Первая военная осень была в Румынии длинной и теплой. Хотя война все еще удалялась от румынских границ, она уже давала о себе знать многочисленными ранеными, которых с каждым днем все больше и больше прибывало с фронта. Все госпитали были переполнены. Появились первые инвалиды. Больше всего их было в деревнях. Да, там они были заметнее, чем в городе.

Вот деревня, в которой мне приходилось бывать в ту памятную осень.

Она уже полна военных вдов. Одна из них живет по соседству со мной — она ютится в жалкой хибаре с дырявой крышей. Когда идет дождь, женщина собирает своих детей — их у нее четверо — и накрывает всех старой рогожей. Дождь проходит, и она вытирает лужи. Попытка замазать глиной дыры в потолке не приносит успеха. Ест она только мамалыгу и пустую похлебку. Одета нищенски. Траура по мужу она не носит, если не считать того, что в ее юбке, сшитой из лоскутьев старой материи, есть несколько черных полос. В доме уже почти не осталось никаких признаков того, что здесь жил когда-то мужчина, «герой», павший за «Христа и цивилизацию» в далеких русских степях. Крохотный дворик. Две курицы. Дети в одних рубашонках играют у сломанного забора.

— Твой муж погиб, Иоана?

— Да, господин. Его забрали у меня, и он погиб.

— А земля у вас есть?

— А как же, четверть погона.

— А пенсия за мужа?

— Есть и пенсия — шестьсот лей. Я получаю ее раз в три месяца, а хватает еле-еле на месяц…

Иоана разговаривает спокойно. Она не плачет и не жалуется. Она уже привыкла к своему безнадежному положению. Правда, улыбки на ее лице не увидишь. Но она ведь и раньше не очень-то часто улыбалась.

В селе уже есть не только вдовы, но и инвалиды. Двое местных парней вернулись одноногими. Третий лишился обеих ног — их ампутировали до самых бедер… Все же и он каждый день приползает в кабак. Нижняя часть его туловища зашита в холстину, наподобие мешка, и подшита куском кожи; в руках — два коротких костыля. Он просит стаканчик цуйки и начинает рассуждать о своем положении:

— То, что я остался совсем без ног, принесло государству большую экономию: при демобилизации я получил только куртку. Я-то, конечно, пробовал спорить: «Господин сержант, говорю, а штаны?» А он говорит: «Какие штаны? Зачем тебе штаны?» — «Повешу их на стенку и, глядя на них, буду вспоминать то времечко, когда и у меня были ноги… А может, отдам их брату… Вам-то какое дело?» — «Ах ты, нахал, — говорит сержант и хватается за ремень, — растак твою мать! Если твой брат хочет получить штаны от государства, пусть отправляется на фронт и идет в бой за короля и отечество!» — «Как же ему идти на фронт, ежели его и на свете не существует. Нет у меня никакого брата». — «Вот видишь, какой ты жулик? Я вас хорошо знаю: все вы жулики». — «Мы не жулики, мы безногие».

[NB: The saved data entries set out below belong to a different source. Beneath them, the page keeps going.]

Lemma pow_le_pow_of_le_1 x m j : 0 <= x <= 1 -> (m <= j)%nat -> x ^ j <= x ^ m.
Proof.
  intros Hx Hmj. replace j with (m + (j - m))%nat by lia. rewrite pow_add.
  assert (0 <= x ^ m) by (apply pow_le; lra).
  assert (x ^ (j - m) <= 1) by (rewrite <- (pow1 (j - m)); apply pow_incr; lra).
  nra.
Qed.

Lemma bigO_ext k f g : (forall x, 0 < x <= 1 -> f x = g x) -> bigO k f -> bigO k g.
Proof. intros Hfg [K [HK Hb]]. exists K; split; [exact HK|]. intros x Hx. rewrite <- Hfg; auto. Qed.

Lemma bigO_weaken k l f : (k <= l)%nat -> bigO l f -> bigO k f.
Proof.
  intros Hkl [K [HK Hb]]. exists K; split; [exact HK|]. intros x Hx.
  apply (Rle_trans _ _ _ (Hb x Hx)), Rmult_le_compat_l; [exact HK|].
  apply pow_le_pow_of_le_1; [lra | exact Hkl].
Qed.

Lemma bigO_0 k : bigO k (fun _ => 0).
Proof. exists 0; split; [lra|]. intros x _. rewrite Rabs_R0. lra. Qed.

Lemma bigO_add k f g : bigO k f -> bigO k g -> bigO k (fun x => f x + g x).
Proof.
  intros [K1 [H1 B1]] [K2 [H2 B2]]. exists (K1 + K2); split; [lra|].
  intros x Hx. apply (Rle_trans _ _ _ (Rabs_triang _ _)).
  specialize (B1 x Hx). specialize (B2 x Hx). lra.
Qed.

Lemma bigO_mul k l f g : bigO k f -> bigO l g -> bigO (k + l) (fun x => f x * g x).
Proof.
  intros [K1 [H1 B1]] [K2 [H2 B2]]. exists (K1 * K2); split; [nra|].
  intros x Hx. rewrite Rabs_mult, pow_add.
  replace (K1 * K2 * (x ^ k * x ^ l)) with ((K1 * x ^ k) * (K2 * x ^ l)) by ring.
  apply Rmult_le_compat; auto using Rabs_pos.
Qed.

Lemma bigO_pow m j : (m <= j)%nat -> bigO m (fun x => x ^ j).
Proof.
  intro Hmj. exists 1; split; [lra|]. intros x Hx.
  rewrite Rabs_right by (apply Rle_ge, pow_le; lra).
  rewrite Rmult_1_l. apply pow_le_pow_of_le_1; [lra | exact Hmj].
Qed.

Lemma bigO_scal k a f : bigO k f -> bigO k (fun x => a * f x).
Proof.
  intros [K [HK Hb]]. exists (Rabs a * K); split; [apply Rmult_le_pos; auto using Rabs_pos|].
  intros x Hx. rewrite Rabs_mult, Rmult_assoc. apply Rmult_le_compat_l; auto using Rabs_pos.
Qed.

Lemma bigO_sub k f g : bigO k f -> bigO k g -> bigO k (fun x => f x - g x).
Proof.
  intros Hf Hg. apply (bigO_ext _ (fun x => f x + -1 * g x)); [intros; ring|].
  apply bigO_add; [exact Hf | apply bigO_scal, Hg].
Qed.

Lemma bigO_monomial m j a : (m <= j)%nat -> bigO m (fun x => a * x ^ j).
Proof. intro Hmj. apply bigO_scal, bigO_pow, Hmj. Qed.

Lemma bigO_of_derivative (h h' : R -> R) (n : nat) :
  h 0 = 0 -> (forall x, derivable_pt_lim h x (h' x)) -> bigO n h' -> bigO (S n) h.
Proof.
  intros h0 Dh [K [HK Hb]]. exists K; split; [exact HK|]. intros x Hx.
  destruct (MVT_cor2 h h' 0 x) as [t [Ht Hti]]; [lra | intros; apply Dh |].
  rewrite h0, !Rminus_0_r in Ht. rewrite Ht, Rabs_mult, (Rabs_right x) by lra.
  assert (Hbt := Hb t ltac:(lra)).
  assert (t ^ n <= x ^ n) by (apply pow_incr; lra).
  assert (Rabs (h' t) <= K * x ^ n) by nra.
  simpl. nra.
Qed.

Lemma leading_term_dominates (F : R -> R) k a : a <> 0 ->
  bigO (S k) (fun x => F x - a * x ^ k) ->
  exists eps, 0 < eps /\ forall x, 0 < x < eps -> Rabs (F x - a * x ^ k) < Rabs a * x ^ k.
Proof.
  intros Ha [K [HK Hb]]. pose proof (Rabs_pos_lt a Ha) as Ha'.
  exists (Rmin 1 (Rabs a / (K + 1))). split; [apply Rmin_pos; [lra | apply Rdiv_lt_0_compat; lra]|].
  intros x [Hx0 Hx].
  assert (Hx1 : x <= 1) by (pose proof (Rmin_l 1 (Rabs a / (K + 1))); lra).
  assert (HxK : x * (K + 1) < Rabs a).
  { assert (Hxa : x < Rabs a / (K + 1)) by (pose proof (Rmin_r 1 (Rabs a / (K + 1))); lra).
    apply (Rmult_lt_compat_r (K + 1)) in Hxa; [|lra].
    unfold Rdiv in Hxa. rewrite Rmult_assoc, Rinv_l, Rmult_1_r in Hxa by lra. exact Hxa. }
  assert (0 < x ^ k) by (apply pow_lt; lra).
  apply (Rle_lt_trans _ _ _ (Hb x (conj Hx0 Hx1))). simpl. nra.
Qed.

Lemma sign_of_leading_term (F : R -> R) k a :
  bigO (S k) (fun x => F x - a * x ^ k) ->
  (0 < a -> exists eps, 0 < eps /\ forall x, 0 < x < eps -> 0 < F x) /\
  (a < 0 -> exists eps, 0 < eps /\ forall x, 0 < x < eps -> F x < 0).
Proof.
  intro HF. split; intro Ha;
    destruct (leading_term_dominates F k a ltac:(lra) HF) as [eps [Heps Hdom]];
    exists eps; split; auto; intros x Hx; specialize (Hdom x Hx);
    assert (0 < x ^ k) by (apply pow_lt; lra).
  - rewrite (Rabs_right a) in Hdom by lra. apply Rabs_def2 in Hdom. nra.
  - rewrite (Rabs_left a) in Hdom by lra. apply Rabs_def2 in Hdom. nra.
Qed.

Definition bigOC (k : nat) (f : R -> Defs.C) : Prop :=
  bigO k (fun x => Cre (f x)) /\ bigO k (fun x => Cim (f x)).

Lemma bigOC_mono m k a : (m <= k)%nat -> bigOC m (mono a k).
Proof.
  intro Hmk. split.
  - apply (bigO_ext _ (fun x => (a * Cre (Cpow nI k)) * x ^ k)); [intros; symmetry; apply Cre_mono|].
    apply bigO_monomial, Hmk.
  - apply (bigO_ext _ (fun x => (a * Cim (Cpow nI k)) * x ^ k)); [intros; symmetry; apply Cim_mono|].
    apply bigO_monomial, Hmk.
Qed.

Lemma bigOC_Csum m (F : nat -> R -> Defs.C) n :
  (forall k, bigOC m (F k)) -> bigOC m (fun x => Csum (fun k => F k x) n).
Proof.
  intro HF. induction n as [|n [IHre IHim]]; [split; apply bigO_0|].
  destruct (HF n) as [Hre Him]. split; simpl; apply bigO_add; assumption.
Qed.

Lemma bigO_Cnorm2 k f : bigOC k f -> bigO (k + k) (fun x => Cnorm2 (f x)).
Proof.
  intros [Hre Him]. apply (bigO_ext _ (fun x => Cre (f x) * Cre (f x) + Cim (f x) * Cim (f x)));
    [intros; unfold Cnorm2; ring|].
  apply bigO_add; apply bigO_mul; assumption.
Qed.

(* [expT n x] is the Taylor polynomial of degree [n - 1] of [exp (-ix)]. *)
Definition expT (n : nat) (x : R) : Defs.C := Csum (fun k => mono (/ INR (fact k)) k x) n.

Lemma expT_S n x : expT (S n) x = Cadd (expT n x) (mono (/ INR (fact n)) n x).
Proof. reflexivity. Qed.

Lemma expT_1 x : expT 1 x = RtoC 1.
Proof. apply C_ext; simpl; field. Qed.

Lemma expT_at_0 n : expT (S n) 0 = RtoC 1.
Proof.
  induction n as [|n IH]; [apply expT_1|].
  rewrite expT_S, IH. apply C_ext; cbn [Cre Cim Cadd RtoC];
    rewrite ?Cre_mono, ?Cim_mono, pow_i by lia; ring.
Qed.

Lemma bigOC_expT n : bigOC 0 (expT n).
Proof. apply bigOC_Csum. intro k. apply bigOC_mono. lia. Qed.

Lemma expT_linear_part m :
  bigO 2 (fun x => Cre (expT (S (S m)) x) - 1) /\ bigO 2 (fun x => Cim (expT (S (S m)) x) + x).
Proof.
  induction m as [|m [IHre IHim]].
  - split; apply (bigO_ext _ (fun _ => 0)); try apply bigO_0;
      intros x _; simpl; field.
  - destruct (bigOC_mono 2 (S (S m)) (/ INR (fact (S (S m)))) ltac:(lia)) as [Hre Him].
    split.
    + apply (bigO_ext _ (fun x => (Cre (expT (S (S m)) x) - 1) + Cre (mono (/ INR (fact (S (S m)))) (S (S m)) x)));
        [intros x _; rewrite (expT_S (S (S m))); simpl; ring | apply bigO_add; assumption].
    + apply (bigO_ext _ (fun x => (Cim (expT (S (S m)) x) + x) + Cim (mono (/ INR (fact (S (S m)))) (S (S m)) x)));
        [intros x _; rewrite (expT_S (S (S m))); simpl; ring | apply bigO_add; assumption].
Qed.

Lemma derivable_pt_lim_monomial b k x :
  derivable_pt_lim (fun y => b * y ^ S k) x (b * INR (S k) * x ^ k).
Proof.
  replace (b * INR (S k) * x ^ k) with (b * (INR (S k) * x ^ pred (S k))) by (simpl; ring).
  apply (derivable_pt_lim_scal (fun y => y ^ S k)), derivable_pt_lim_pow.
Qed.

Lemma derivable_Cre_mono a k x :
  derivable_pt_lim (fun y => Cre (mono a (S k) y)) x (Cim (mono (a * INR (S k)) k x)).
Proof.
  replace (fun y => Cre (mono a (S k) y)) with (fun y => a * Cim (Cpow nI k) * y ^ S k)
    by (extensionality y; rewrite Cre_mono, Cpow_nI_S; reflexivity).
  rewrite Cim_mono. replace (a * INR (S k) * Cim (Cpow nI k) * x ^ k)
    with (a * Cim (Cpow nI k) * INR (S k) * x ^ k) by ring.
  apply derivable_pt_lim_monomial.
Qed.

Lemma derivable_Cim_mono a k x :
  derivable_pt_lim (fun y => Cim (mono a (S k) y)) x (- Cre (mono (a * INR (S k)) k x)).
Proof.
  replace (fun y => Cim (mono a (S k) y)) with (fun y => - a * Cre (Cpow nI k) * y ^ S k)
    by (extensionality y; rewrite Cim_mono, Cpow_nI_S; simpl; ring).
  rewrite Cre_mono. replace (- (a * INR (S k) * Cre (Cpow nI k) * x ^ k))
    with (- a * Cre (Cpow nI k) * INR (S k) * x ^ k) by ring.
  apply derivable_pt_lim_monomial.
Qed.

Lemma inv_fact_S_mul k : / INR (fact (S k)) * INR (S k) = / INR (fact k).
Proof.
  rewrite fact_simpl, mult_INR. field.
  split; [apply INR_fact_neq_0 | apply not_0_INR; lia].
Qed.

(* Real and imaginary parts of [E_n' = -i E_(n-1)]. *)
Lemma derivable_expT n x :
  derivable_pt_lim (fun y => Cre (expT (S n) y)) x (Cim (expT n x)) /\
  derivable_pt_lim (fun y => Cim (expT (S n) y)) x (- Cre (expT n x)).
Proof.
  induction n as [|n [IHre IHim]].
  - replace (fun y => Cre (expT 1 y)) with (fun _ : R => 1)
      by (extensionality y; rewrite expT_1; reflexivity).
    replace (fun y => Cim (expT 1 y)) with (fun _ : R => 0)
      by (extensionality y; rewrite expT_1; reflexivity).
    simpl. rewrite Ropp_0. split; apply derivable_pt_lim_const.
  - pose proof (derivable_Cre_mono (/ INR (fact (S n))) n x) as Dre.
    pose proof (derivable_Cim_mono (/ INR (fact (S n))) n x) as Dim.
    rewrite inv_fact_S_mul in Dre, Dim.
    rewrite (expT_S n x). split.
    + change (fun y => Cre (expT (S (S n)) y))
        with (fun y => Cre (expT (S n) y) + Cre (mono (/ INR (fact (S n))) (S n) y)).
      apply (derivable_pt_lim_plus _ _ x _ _ IHre Dre).
    + change (fun y => Cim (expT (S (S n)) y))
        with (fun y => Cim (expT (S n) y) + Cim (mono (/ INR (fact (S n))) (S n) y)).
      cbn [Cre Cadd]. rewrite Ropp_plus_distr.
      apply (derivable_pt_lim_plus _ _ x _ _ IHim Dim).
Qed.

Lemma derivable_pt_lim_Cnorm2 (f : R -> Defs.C) x a b :
  derivable_pt_lim (fun y => Cre (f y)) x a -> derivable_pt_lim (fun y => Cim (f y)) x b ->
  derivable_pt_lim (fun y => Cnorm2 (f y)) x (2 * (Cre (f x) * a + Cim (f x) * b)).
Proof.
  intros Ha Hb.
  replace (fun y => Cnorm2 (f y)) with (fun y => Cre (f y) * Cre (f y) + Cim (f y) * Cim (f y))
    by (extensionality y; unfold Cnorm2; ring).
  replace (2 * (Cre (f x) * a + Cim (f x) * b))
    with ((a * Cre (f x) + Cre (f x) * a) + (b * Cim (f x) + Cim (f x) * b)) by ring.
  exact (derivable_pt_lim_plus _ _ x _ _
           (derivable_pt_lim_mult _ _ x _ _ Ha Ha) (derivable_pt_lim_mult _ _ x _ _ Hb Hb)).
Qed.

Lemma bigO_Cnorm2_expT n : bigO (S n) (fun x => Cnorm2 (expT (S n) x) - 1).
Proof.
  set (t := mono (/ INR (fact n)) n).
  apply (bigO_of_derivative _ (fun x => 2 * (Cre (t x) * Cim (expT n x) - Cim (t x) * Cre (expT n x)))).
  - rewrite expT_at_0. unfold Cnorm2. simpl. ring.
  - intro x. destruct (derivable_expT n x) as [Dre Dim].
    replace (2 * (Cre (t x) * Cim (expT n x) - Cim (t x) * Cre (expT n x)))
      with (2 * (Cre (expT (S n) x) * Cim (expT n x) + Cim (expT (S n) x) * - Cre (expT n x)) - 0)
      by (rewrite expT_S; simpl; ring).
    apply (derivable_pt_lim_minus _ _ x _ _ (derivable_pt_lim_Cnorm2 _ x _ _ Dre Dim)
             (derivable_pt_lim_const 1 x)).
  - destruct (bigOC_mono n n (/ INR (fact n)) (le_n n)) as [Tre Tim].
    destruct (bigOC_expT n) as [Ere Eim].
    assert (Hmul : forall f g, bigO n f -> bigO 0 g -> bigO n (fun x => f x * g x)).
    { intros f g Hf Hg. rewrite <- (Nat.add_0_r n) at 1. apply bigO_mul; assumption. }
    apply bigO_scal, bigO_sub; apply Hmul; assumption.
Qed.

Definition rstab_tail (p q : nat) (c : nat -> R) (x : R) : Defs.C :=
  Csum (fun k => mono (c (q + 1 + k)%nat) (q + 1 + k) x) (p - q).

Lemma rstab_split p q c x : rstab p q c x = Cadd (expT (S q) x) (rstab_tail p q c x).
Proof.
  change (rstab p q c x) with (Cadd (RtoC 1)
    (Cadd (Csum (fun k => mono (/ INR (fact (k + 1))) (k + 1) x) q) (rstab_tail p q c x))).
  unfold expT. rewrite Csum_shift.
  replace (fun k => mono (/ INR (fact (k + 1))) (k + 1) x)
    with (fun k => mono (/ INR (fact (S k))) (S k) x)
    by (extensionality k; rewrite Nat.add_1_r; reflexivity).
  apply C_ext; cbn [Cre Cim Cadd RtoC]; rewrite ?Cre_mono, ?Cim_mono; simpl; field.
Qed.

Lemma cext_in p c j : (j <= p)%nat -> cext p c j = c j.
Proof. intro H. unfold cext. apply Nat.leb_le in H. rewrite H. reflexivity. Qed.

Lemma cext_out p c j : (p < j)%nat -> cext p c j = 0.
Proof. intro H. unfold cext. apply Nat.leb_gt in H. rewrite H. reflexivity. Qed.

Lemma rstab_tail_expansion p q c : exists e : R -> Defs.C, bigOC (S (S (S q))) e /\
  forall x, rstab_tail p q c x =
    Cadd (Cadd (mono (cext p c (S q)) (S q) x) (mono (cext p c (S (S q))) (S (S q)) x)) (e x).
Proof.
  unfold rstab_tail. replace (q + 1)%nat with (S q) by lia.
  destruct (p - q)%nat as [|[|n]] eqn:Hpq.
  - exists (fun _ => RtoC 0). split; [split; apply bigO_0|]. intro x.
    rewrite !cext_out by lia.
    apply C_ext; cbn [Cre Cim Cadd Csum RtoC]; rewrite ?Cre_mono, ?Cim_mono; ring.
  - exists (fun _ => RtoC 0). split; [split; apply bigO_0|]. intro x.
    rewrite cext_in, (cext_out p c (S (S q))) by lia.
    apply C_ext; cbn [Cre Cim Cadd Csum RtoC]; rewrite ?Cre_mono, ?Cim_mono, ?Nat.add_0_r; ring.
  - exists (fun x => Csum (fun k => mono (c (S q + S (S k))%nat) (S q + S (S k)) x) n). split.
    + apply bigOC_Csum. intro k. apply bigOC_mono. lia.
    + intro x. rewrite !cext_in by lia. rewrite !Csum_shift.
      replace (S q + 0)%nat with (S q) by lia. replace (S q + 1)%nat with (S (S q)) by lia.
      apply C_ext; cbn [Cre Cim Cadd]; ring.
Qed.

Definition coef_defect (p : nat) (c : nat -> R) (j : nat) : R := cext p c j - / INR (fact j).

Lemma rstab_expansion p q c : exists e : R -> Defs.C, bigOC (S (S (S q))) e /\
  forall x, rstab p q c x = Cadd (expT (S (S (S q))) x)
    (Cadd (Cadd (mono (coef_defect p c (S q)) (S q) x)
                (mono (coef_defect p c (S (S q))) (S (S q)) x)) (e x)).
Proof.
  destruct (rstab_tail_expansion p q c) as [e [He Htail]].
  exists e. split; [exact He|]. intro x.
  rewrite rstab_split, Htail, (expT_S (S (S q))), (expT_S (S q)).
  unfold coef_defect.
  apply C_ext; cbn [Cre Cim Cadd]; rewrite !Cre_mono || rewrite !Cim_mono; ring.
Qed.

Потом безногий начинает рассказывать в том же ироническом тоне о своей службе в армии, о боях, в которых он участвовал. Сельский жандарм уже несколько раз предупреждал его:

— Эй ты, безногий! Попридержи язык, не то отправлю тебя в трибунал. Ты, видать, наглотался большевистской заразы и разлагаешь молодежь.

Безногий, однако, никого не боится. Ему нечего терять. Получив пенсию за инвалидность, он пропивает ее в два дня.

— Что мне за дело до военного трибунала? Ноги я уже потерял, жить все равно не хочется… Дайте-ка мне еще рюмочку и пачку табаку…

Получив требуемое, безногий хватается за свои костыли и уходит. Он прыгает по дороге, как огромная лягушка. Никто на него уже не обращает внимания. К нему привыкли даже дети.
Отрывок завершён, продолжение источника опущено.